Saved data entries —

::::

Definition capt (R : realType) (V : finType) (d : V -> V -> R)
  (U : {set {set V}}) (x : V) (delta : R) : nat :=
  #|\bigcup_(H in U | H \subset cball d x delta) H|.

(* s (in order of formation) is a possible output of MGC(V, d, K, G),
   the radius delta increasing continuously from 0. *)
Definition MGC_run (R : realType) (V : finType) (d : V -> V -> R)
  (K : nat) (G : {set {set V}}) (s : seq (formed R V)) : Prop :=
  [/\ sorted <=%R (map (@radius R V) s),
      all (fun N => 0 <= radius N) s,
      (forall pre N post, s = pre ++ N :: post ->
         members N = [set H in Ustate d G pre (radius N) |
                          H \subset cball d (center N) (radius N)]
         /\ thresh R V K <= (#|Iset N|)%:R) &
      (* between consecutive formations (and after the last one) no new group
         can be formed *)
      (forall pre post, s = pre ++ post -> forall delta : R, 0 <= delta ->
         all (fun N => radius N <= delta) pre ->
         all (fun N => delta < radius N) post ->
         forall x, (capt d (Ustate d G pre delta) x delta)%:R < thresh R V K)].

Definition replace (R : realType) (V : finType) (Rc : {set {set V}})
  (out : seq (formed R V)) : {set {set V}} :=
  (Rc :\: \bigcup_(N <- out) members N) :|: [set X | X in [seq Iset N | N <- out]].

(* The hierarchical construction of G^l, ..., G^1; Rs t is the root
   collection before computing G^t = Gs t. *)
Definition hier_run (R : realType) (V : finType) (d : V -> V -> R) (l k : nat)
  (Rs : nat -> {set {set V}}) (Gs : nat -> seq (formed R V)) : Prop :=
  Rs l = [set [set v] | v : V] /\
  (forall t, (1 <= t <= l)%N ->
     MGC_run d (t * k) (Rs t) (Gs t) /\ Rs t.-1 = replace (Rs t) (Gs t)).

Definition maxd (R : realType) (V : finType) (d : V -> V -> R) (S : {set V}) (y : V) : R :=
  \big[Num.max/0]_(u in S) d u y.

(* min_{y in V} max_{u in S} d(u, y)   (0 if V is empty) *)
Definition rad (R : realType) (V : finType) (d : V -> V -> R) (S : {set V}) : R :=
  match [pick y : V] with
  | Some y0 => \big[Num.min/maxd d S y0]_(y : V) maxd d S y
  | None => 0
  end.

Definition PFC (R : realType) (V : finType) (d : V -> V -> R) (alpha : R) (K : nat)
  (P : {set V}) : Prop :=
  forall S : {set V}, thresh R V K <= (#|S|)%:R ->
    exists v, exists p, [/\ v \in S, p \in P & d v p <= alpha * rad d S].

From Pilot Require Import Defs.
From HB Require Import structures.
From mathcomp Require Import all_boot all_order all_algebra.
From mathcomp Require Import reals ring lra zify.
Import Order.TTheory GRing.Theory Num.Theory.
Local Open Scope ring_scope.
Set Implicit Arguments. Unset Strict Implicit.

(* Fix S with |S| >= n/(jk) and a point y with rad S = r = max_{u in S} d(u, y).
   Going down the hierarchy, every group of the root collection at level t that meets S
   lies in a ball of radius rho_t = (4^(l-t) - 1) r.  Indeed, at radius r + 2 rho_t all
   groups meeting S lie in B(y, r + 2 rho_t) and cover |S| >= n/(tk) individuals, so MGC
   must already have covered one of them: some output group N' of radius <= r + 2 rho_t
   has its center within r + 2 rho_t of S.  An output group with a member H meeting S
   then has radius <= 3r + 4 rho_t = rho_(t-1), since otherwise H would have been removed
   from U by N' beforehand.  At level j the group N' contains a panel member, which is
   within 2(r + 2 rho_j) <= 4^(l-j+1) r of a point of S. *)

Definition formed_triple (R : realType) (V : finType) (N : formed R V) :=
  (center N, radius N, members N).

Definition triple_formed (R : realType) (V : finType) (x : V * R * {set {set V}}) :=
  Formed x.1.1 x.1.2 x.2.

Lemma formed_tripleK (R : realType) (V : finType) :
  cancel (@formed_triple R V) (@triple_formed R V).
Proof. by case. Qed.

HB.instance Definition _ (R : realType) (V : finType) :=
  Equality.copy (formed R V) (can_type (@formed_tripleK R V)).

Lemma mem_bigcup_seq (I : Type) (T : finType) (F : I -> {set T}) (s : seq I) x :
  (x \in \bigcup_(i <- s) F i) = has (fun i => x \in F i) s.
Proof. by elim: s => [|i s IH]; rewrite ?big_nil ?big_cons ?inE // IH. Qed.

Lemma mem_split (T : eqType) (x : T) (s : seq T) :
  x \in s -> exists pre post, s = pre ++ x :: post.
Proof. by case/splitPr => pre post; exists pre, post. Qed.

::::

Task goal — In the entries above, find the line holding "collection before computing G^t = Gs t. *)" and the line holding "Set Implicit Arguments."; print both of them and every line between, exactly, and nothing else.

Solution to the exercise —
   collection before computing G^t = Gs t. *)
Definition hier_run (R : realType) (V : finType) (d : V -> V -> R) (l k : nat)
  (Rs : nat -> {set {set V}}) (Gs : nat -> seq (formed R V)) : Prop :=
  Rs l = [set [set v] | v : V] /\
  (forall t, (1 <= t <= l)%N ->
     MGC_run d (t * k) (Rs t) (Gs t) /\ Rs t.-1 = replace (Rs t) (Gs t)).

Definition maxd (R : realType) (V : finType) (d : V -> V -> R) (S : {set V}) (y : V) : R :=
  \big[Num.max/0]_(u in S) d u y.

(* min_{y in V} max_{u in S} d(u, y)   (0 if V is empty) *)
Definition rad (R : realType) (V : finType) (d : V -> V -> R) (S : {set V}) : R :=
  match [pick y : V] with
  | Some y0 => \big[Num.min/maxd d S y0]_(y : V) maxd d S y
  | None => 0
  end.

Definition PFC (R : realType) (V : finType) (d : V -> V -> R) (alpha : R) (K : nat)
  (P : {set V}) : Prop :=
  forall S : {set V}, thresh R V K <= (#|S|)%:R ->
    exists v, exists p, [/\ v \in S, p \in P & d v p <= alpha * rad d S].

From Pilot Require Import Defs.
From HB Require Import structures.
From mathcomp Require Import all_boot all_order all_algebra.
From mathcomp Require Import reals ring lra zify.
Import Order.TTheory GRing.Theory Num.Theory.
Local Open Scope ring_scope.
Set Implicit Arguments. Unset Strict Implicit.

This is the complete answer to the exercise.